Dr. Wandira first addressed the importance of gathering input from all constituencies and points-of-view rather than just those that agree with you or seem to be in support of an outcome you favor. She next pointed to the fact that you must be willing to act knowing that some or many may be unhappy with your choices. She did not say ignore them and she didn’t say just proceed with your original agenda.
If you focus on each element of her seemingly simple statement, you will be able to lead powerfully. By powerfully, I am referring to one of my favorite quotes from Warren Bennis, “Leadership is the wise use of power. Power is the ability to translate intention into reality and sustain it.”
At the core of her comment is the idea that you must call out what needs to be done to move forward. Implicit in that statement is the importance of “to move forward.” I have too often seen leaders push their own agenda without listening to input from the team, about what resources will be required to deliver the desired outcomes, and what time frame will be involved. When deadlines aren’t met or the project fails, the witch hunt begins.
If you recognize what people are saying, they will felt heard. It is not necessary for you as the leader to agree with everyone all the time. You don’t even have to make the team happy about your decision. It goes with the territory that you have to say no or choose alternatives regularly. The key is a quote from David Oxley, “Being listened to is so close to being loved that most people cannot tell the difference.”
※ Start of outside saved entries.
(* The gain of a beamformer never exceeds M times its squared norm
   (Cauchy-Schwarz, using |e^{j m psi}| = 1). *)
Lemma gain_le_M (M : nat) (fre fim : nat -> R) (psi : R) : (1 <= M)%nat ->
  gain M fre fim psi <= INR M * sqnorm M fre fim.
Proof.
  intros HM. rewrite gain_beam, sqnorm_fsum by exact HM. unfold beam_re, beam_im.
  set (u := fun m => fre m * cos (INR m * psi) + fim m * sin (INR m * psi)).
  set (v := fun m => fre m * sin (INR m * psi) - fim m * cos (INR m * psi)).
  rewrite (fsum_ext M (fun m => fre m ^ 2 + fim m ^ 2) (fun m => u m ^ 2 + v m ^ 2)).
  - rewrite fsum_plus, Rmult_plus_distr_l.
    pose proof (sqr_fsum_le M u). pose proof (sqr_fsum_le M v). lra.
  - intros m _. pose proof (sin2_cos2 (INR m * psi)) as E. unfold Rsqr in E. unfold u, v.
    transitivity ((fre m ^ 2 + fim m ^ 2)
                  * (sin (INR m * psi) * sin (INR m * psi) + cos (INR m * psi) * cos (INR m * psi)));
      [rewrite E | ]; ring.
Qed.

Lemma gain_nonneg (M : nat) (fre fim : nat -> R) (psi : R) : 0 <= gain M fre fim psi.
Proof. unfold gain. nra. Qed.


Definition lipschitz (L : R) (f : R -> R) : Prop :=
  forall p q, Rabs (f p - f q) <= L * Rabs (p - q).

Definition is_lipschitz (f : R -> R) : Prop := exists L, lipschitz L f.

Lemma lipschitz_const_nonneg (L : R) (f : R -> R) : lipschitz L f -> 0 <= L.
Proof.
  intros H. specialize (H 1 0). rewrite Rminus_0_r, Rabs_R1, Rmult_1_r in H.
  pose proof (Rabs_pos (f 1 - f 0)). lra.
Qed.

Lemma is_lipschitz_ext (f g : R -> R) :
  (forall x, f x = g x) -> is_lipschitz f -> is_lipschitz g.
Proof. intros E [L H]. exists L. intros p q. rewrite <- !E. apply H. Qed.

Lemma is_lipschitz_lincomb (a b : R) (f g : R -> R) :
  is_lipschitz f -> is_lipschitz g -> is_lipschitz (fun x => a * f x + b * g x).
Proof.
  intros [Lf Hf] [Lg Hg]. exists (Rabs a * Lf + Rabs b * Lg). intros p q.
  replace (a * f p + b * g p - (a * f q + b * g q))
    with (a * (f p - f q) + b * (g p - g q)) by ring.
  eapply Rle_trans; [apply Rabs_triang|]. rewrite !Rabs_mult.
  pose proof (Hf p q). pose proof (Hg p q).
  pose proof (Rabs_pos a). pose proof (Rabs_pos b). nra.
Qed.

Lemma is_lipschitz_fsum (n : nat) (f : nat -> R -> R) :
  (forall i, is_lipschitz (f i)) -> is_lipschitz (fun x => fsum n (fun i => f i x)).
Proof.
  intros Hf. induction n as [|n IH]; simpl.
  - exists 0. intros p q. rewrite Rminus_0_r, Rabs_R0. lra.
  - apply (is_lipschitz_ext (fun x => 1 * fsum n (fun i => f i x) + 1 * f n x)).
    + intros; ring.
    + apply is_lipschitz_lincomb; auto.
Qed.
If you give great credence to their input regarding the specifics of the work that will be required to achieve your goal, the resources that will be required, and the time that it will take, you will be respected, which is critical. With that analysis as your place to stand and the respect you have shown to the individuals involved, you will be able to mobilize them to move forward. You will be the catalyst.
If you remember your chemistry class, being a catalyst means that you will not be changed or consumed in the process. I prefer to say that you will not be worn out and you may, in fact, be changed and grow your leadership in a very inspiring way.